Section 1351a of the Revised School Code
as amended by Public
Act 152 of 1997
(MCL 380.1351a)
Sec. 1351a. (1) Beginning with bonds issued after May 1, 1994, a school district may not borrow money and issue bonds of the district under section 1351(1). However, a school district may borrow money and issue bonds of the district to defray all or a part of the cost of purchasing, erecting, completing, remodeling, or equipping or reequipping, except for equipping or reequipping for technology, school buildings, including library buildings, structures, athletic fields, playgrounds, or other facilities, or parts of or additions to those facilities; furnishing or refurnishing new or remodeled school buildings; acquiring, preparing, developing, or improving sites, or parts of or additions to sites, for school buildings, including library buildings, structures, athletic fields, playgrounds, or other facilities; purchasing school buses; acquiring, installing, or equipping or reequipping school buildings for technology; refunding all or part of existing bonded indebtedness if the net present value of the principal and interest to be paid on the refunding bonds, excluding the cost of issuance, will be less than the net present value of the principal and interest to be paid on the bonds being refunded, as calculated using a method approved by the department of treasury; or accomplishing a combination of the purposes set forth in this subsection. Section 1351(2) to (4) applies to bonds issued under this section.

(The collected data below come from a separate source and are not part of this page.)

(* Let $p,q$ be relatively prime positive integers and let $P_0,P_1$ be relatively prime positive integers with $\min\{P_0,P_1\}\ge 2pq$. Then there exists a unital injective $*$-homomorphism from $I(p,q)$ into $I(P_0,P_1)$.
   Context: For relatively prime positive integers $p,q$, the dimension drop algebra $I(p,q)$ is $\{f\in C([0,1])\otimes M_{pq}: f(0)\in M_p\otimes 1_q,\ f(1)\in 1_p\otimes M_q\}$ (equivalently, functions on two copies of $[0,2\pi]$ glued at $0$, with these conditions at the two free endpoints). *)

From HB Require Import structures.
From mathcomp Require Import all_boot all_order all_algebra.
From mathcomp Require Import all_classical reals topology normedtype.
From mathcomp Require Import complex mxtens.
Set Implicit Arguments. Unset Strict Implicit. Unset Printing Implicit Defensive.
Import Order.TTheory GRing.Theory Num.Theory.
Import numFieldNormedType.Exports.
Local Open Scope ring_scope.
Local Open Scope classical_set_scope.

Definition clamp01 (R : realType) (t : R) : R := Num.min 1 (Num.max 0 t).

Definition mx_continuous (R : realType) (n : nat) (f : R -> 'M[R[i]]_n) : Prop :=
  forall i j : 'I_n,
    continuous (fun t : R => Re (f t i j)) /\ continuous (fun t : R => Im (f t i j)).

(* Dimension drop algebra I(p,q), realized as functions R -> M_{pq}(C)
   that are the constant extension of their restriction to [0,1]
   (f t = f (clamp01 t)); these are in bijection with C([0,1], M_{pq}). *)
Definition dimdrop (R : realType) (p q : nat) : set (R -> 'M[R[i]]_(p * q)) :=
  [set f | (forall t, f t = f (clamp01 t))
         /\ mx_continuous f
         /\ (exists a : 'M[R[i]]_p, f 0 = a *t (1%:M : 'M[R[i]]_q))
         /\ (exists b : 'M[R[i]]_q, f 1 = (1%:M : 'M[R[i]]_p) *t b)].

Arguments dimdrop {R} p q _.

Definition adjf (R : realType) (n : nat) (f : R -> 'M[R[i]]_n) : R -> 'M[R[i]]_n :=
  fun t => map_mx (@conjc R) (f t)^T.

Definition unital_inj_star_hom (R : realType) (p q P0 P1 : nat)
  (phi : (R -> 'M[R[i]]_(p * q)) -> (R -> 'M[R[i]]_(P0 * P1))) : Prop :=
  (forall f, dimdrop p q f -> dimdrop P0 P1 (phi f)) /\
      (forall f g, dimdrop p q f -> dimdrop p q g ->
         phi (fun t => f t + g t) = (fun t => phi f t + phi g t)) /\
      (forall (c : R[i]) f, dimdrop p q f ->
         phi (fun t => c *: f t) = (fun t => c *: phi f t)) /\
      (forall f g, dimdrop p q f -> dimdrop p q g ->
         phi (fun t => f t *m g t) = (fun t => phi f t *m phi g t)) /\
      (forall f, dimdrop p q f -> phi (adjf f) = adjf (phi f)) /\
      phi (fun _ => 1%:M) = (fun _ => 1%:M) /\
    (forall f g, dimdrop p q f -> dimdrop p q g -> phi f = phi g -> f = g).

(* Write P0 = u p + v q and P1 = w q + z p with u, w >= 1, possible since both are at
   least 2 p q.  Then C^P0 (x) C^P1 splits into u w blocks C^p (x) C^q, v z blocks
   C^q (x) C^p, u z blocks C^p (x) C^p and v w blocks C^q (x) C^q.  For f in I(p,q) with
   f(0) = a (x) 1 and f(1) = 1 (x) b, let phi(f)(t) carry f(t) on the first kind of
   block, f(1 - t) conjugated by the tensor flip on the second, and a (x) 1, resp.
   b (x) 1, conjugated by a unitary path from 1 to the flip on the last two.  At t = 0
   every block is then of the form X (x) 1 and at t = 1 of the form 1 (x) Y, and these
   assemble to X (x) 1_P1 and 1_P0 (x) Y; injectivity is read off a single block. *)

From HB Require Import structures.
From mathcomp Require Import all_boot all_order all_algebra.
From mathcomp Require Import all_classical reals topology normedtype.
From mathcomp Require Import complex mxtens trigo.
From mathcomp Require Import ring lra zify.
Set Implicit Arguments. Unset Strict Implicit. Unset Printing Implicit Defensive.
Import Order.TTheory GRing.Theory Num.Theory.
Import numFieldNormedType.Exports.
Local Open Scope ring_scope.

Lemma mulmx_sum_orth (R : pzRingType) N (I : finType) (X Y : I -> 'M[R]_N) :
  (forall i j, i != j -> X i *m Y j = 0) -> (\sum_i X i) *m (\sum_j Y j) = \sum_i X i *m Y i.
Proof.
move=> XY; rewrite mulmx_suml; apply: eq_bigr => i _.
by rewrite mulmx_sumr (bigD1 i) //= big1 ?addr0 // => j ji; apply: XY; rewrite eq_sym.
Qed.

Section Tensor.
Variable R : pzRingType.

Lemma mxtens_index_inj m n : injective (@mxtens_index m n).
Proof. exact: can_inj (@mxtens_indexK m n). Qed.

Lemma tensmxDl m n k l (A B : 'M[R]_(m, n)) (D : 'M[R]_(k, l)) :
  (A + B) *t D = A *t D + B *t D.
Proof. by apply/matrixP=> i j; rewrite !mxE mulrDl. Qed.

Lemma tensmxDr m n k l (A : 'M[R]_(m, n)) (B D : 'M[R]_(k, l)) :
  A *t (B + D) = A *t B + A *t D.
Proof. by apply/matrixP=> i j; rewrite !mxE mulrDr. Qed.
(* Write a partition as [nu ++ nseq m 1], nu its parts >= 2.  A part 1 can
   only sit in the block of ones, and there the index [size nu + i] has first
   column hook [m - i + 1]; so (for a nonempty partition) an h-fixed hook
   from a part 1 exists iff [m - size nu - (h + 1)] is a nonnegative even
   number [2 j].  Raising every
   part of nu by one (spending [size nu] ones) and gluing the remaining [2 j]
   spare ones into [j] twos leaves exactly [h + 1] ones; lowering the parts
   >= 3 and splitting the twos inverts this. *)

Lemma geq_trans : transitive geq.
Proof. by move=> y x z /= le_yx le_zy; apply: leq_trans le_zy le_yx. Qed.

Lemma sorted_geq_cat (s t : seq nat) :
  sorted geq (s ++ t) = [&& allrel geq s t, sorted geq s & sorted geq t].
Proof. by rewrite !(sorted_pairwise geq_trans) pairwise_cat. Qed.

Lemma sorted_geq_nseq m x : sorted geq (nseq m x).
Proof. by case: m => //= m; elim: m => //= m ->; rewrite leqnn. Qed.

Lemma sorted_geq_cat_bound k (s t : seq nat) :
  all (fun x => k <= x) s -> all (fun y => y <= k) t ->
  sorted geq s -> sorted geq t -> sorted geq (s ++ t).
Proof.
move=> /allP s_ge /allP t_le s_sorted t_sorted.
rewrite sorted_geq_cat s_sorted t_sorted !andbT.
by apply/allrelP => x y /s_ge le_kx /t_le le_yk; apply: leq_trans le_yk le_kx.
Qed.

Definition parts_gt k (l : seq nat) := filter (fun x => k < x) l.

Lemma sorted_geq_filter_split k (s : seq nat) : sorted geq s ->
  parts_gt k s ++ filter (fun x => x <= k) s = s.
Proof.
move=> s_sorted; apply: (sorted_eq geq_trans) => //.
- by move=> x y /andP[le_yx le_xy]; apply/anti_leq/andP.
- apply: (sorted_geq_cat_bound k); rewrite ?(sorted_filter geq_trans) ?filter_all //.
  by apply/allP => x; rewrite mem_filter => /andP[/ltnW].
- rewrite (@eq_filter _ (fun x => x <= k) (predC (fun x => k < x))); last first.
    by move=> x; rewrite /= leqNgt.
  by apply/permPl/perm_filterC.
Qed.

Lemma filter_pred1_nseq (x : nat) s : filter (pred1 x) s = nseq (count_mem x s) x.
Proof. by rewrite -size_filter; apply/all_pred1P; apply: filter_all. Qed.

Lemma sorted_geq_split_zeros (s : seq nat) : sorted geq s ->
  parts_gt 0 s ++ nseq (count_mem 0 s) 0 = s.
Proof.
move=> /(sorted_geq_filter_split 0) split_s; rewrite -[RHS]split_s; congr (_ ++ _).
by rewrite -filter_pred1_nseq; apply: eq_filter => x /=; lia.
Qed.

Lemma sumn_map_succ s : sumn (map S s) = sumn s + size s.
Proof. by elim: s => //= x s ->; lia. Qed.

Lemma sumn_map_pred s : all (fun x => 0 < x) s -> sumn (map predn s) + size s = sumn s.
Proof. by elim: s => //= x s IH /andP[x_pos /IH]; lia. Qed.

Lemma leq_sumn_mem x s : x \in s -> x <= sumn s.
Proof. by elim: s => //= y s IH; rewrite inE => /orP[/eqP ->|/IH]; lia. Qed.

(2) The proceeds of bonds issued under this section or under section 11i of the state school aid act of 1979, MCL 388.1611i, shall be used for capital expenditures and to pay costs of bond issuance, and shall not be used for maintenance costs. Except as otherwise provided in this subsection, a school district that issues bonds under this section or under section 11i of the state school aid act of 1979, MCL 388.1611i, shall have an independent audit, using generally accepted accounting principles, of its bonding activities under these sections conducted within 120 days after completion of all projects financed by the proceeds of the bonds and shall submit the audit report to the department of treasury. For bonds issued under section 11i of the state school aid act of 1979, MCL 388.1611i, the independent audit required under this subsection may be conducted and submitted with the annual report required under section 5 of chapter III of the municipal finance act, 1943 PA 202, MCL 133.5.
(3) Bonds issued under this section or under section 11i of the state school aid act of 1979, MCL 388.1611i, for an asset with a useful life of less than 30 years shall not be issued for a term that is longer than the useful life of the asset.
(4) A school district shall not borrow money and issue notes or bonds under this section to defray all or part of the costs of any of the following:
(a) Upgrades to operating system or application software.
(b) Media, including diskettes, compact discs, video tapes, and disks, unless used for the storage of initial operating system software or customized aplication software included in the definition of technology under this section.
(c) Training, consulting, maintenance, service contracts, software upgrades, troubleshooting, or software support.
(5) A resident of a school district has standing to bring suit against the school district to enforce the provisions of this section in a court having jurisdiction.
(6) As used in this section, "technology" means any of the following:
(a) Hardware and communication devices that transmit, receive, or compute information for pupil instructional purposes.
(b) The initial purchase of operating system software or customized application software, or both, accompanying the purchase of hardware and communication devices under subdivision (a).
(c) The costs of design and installation of the hardware, communication
devices, and initial operating system software or customized application
software authorized under this subsection.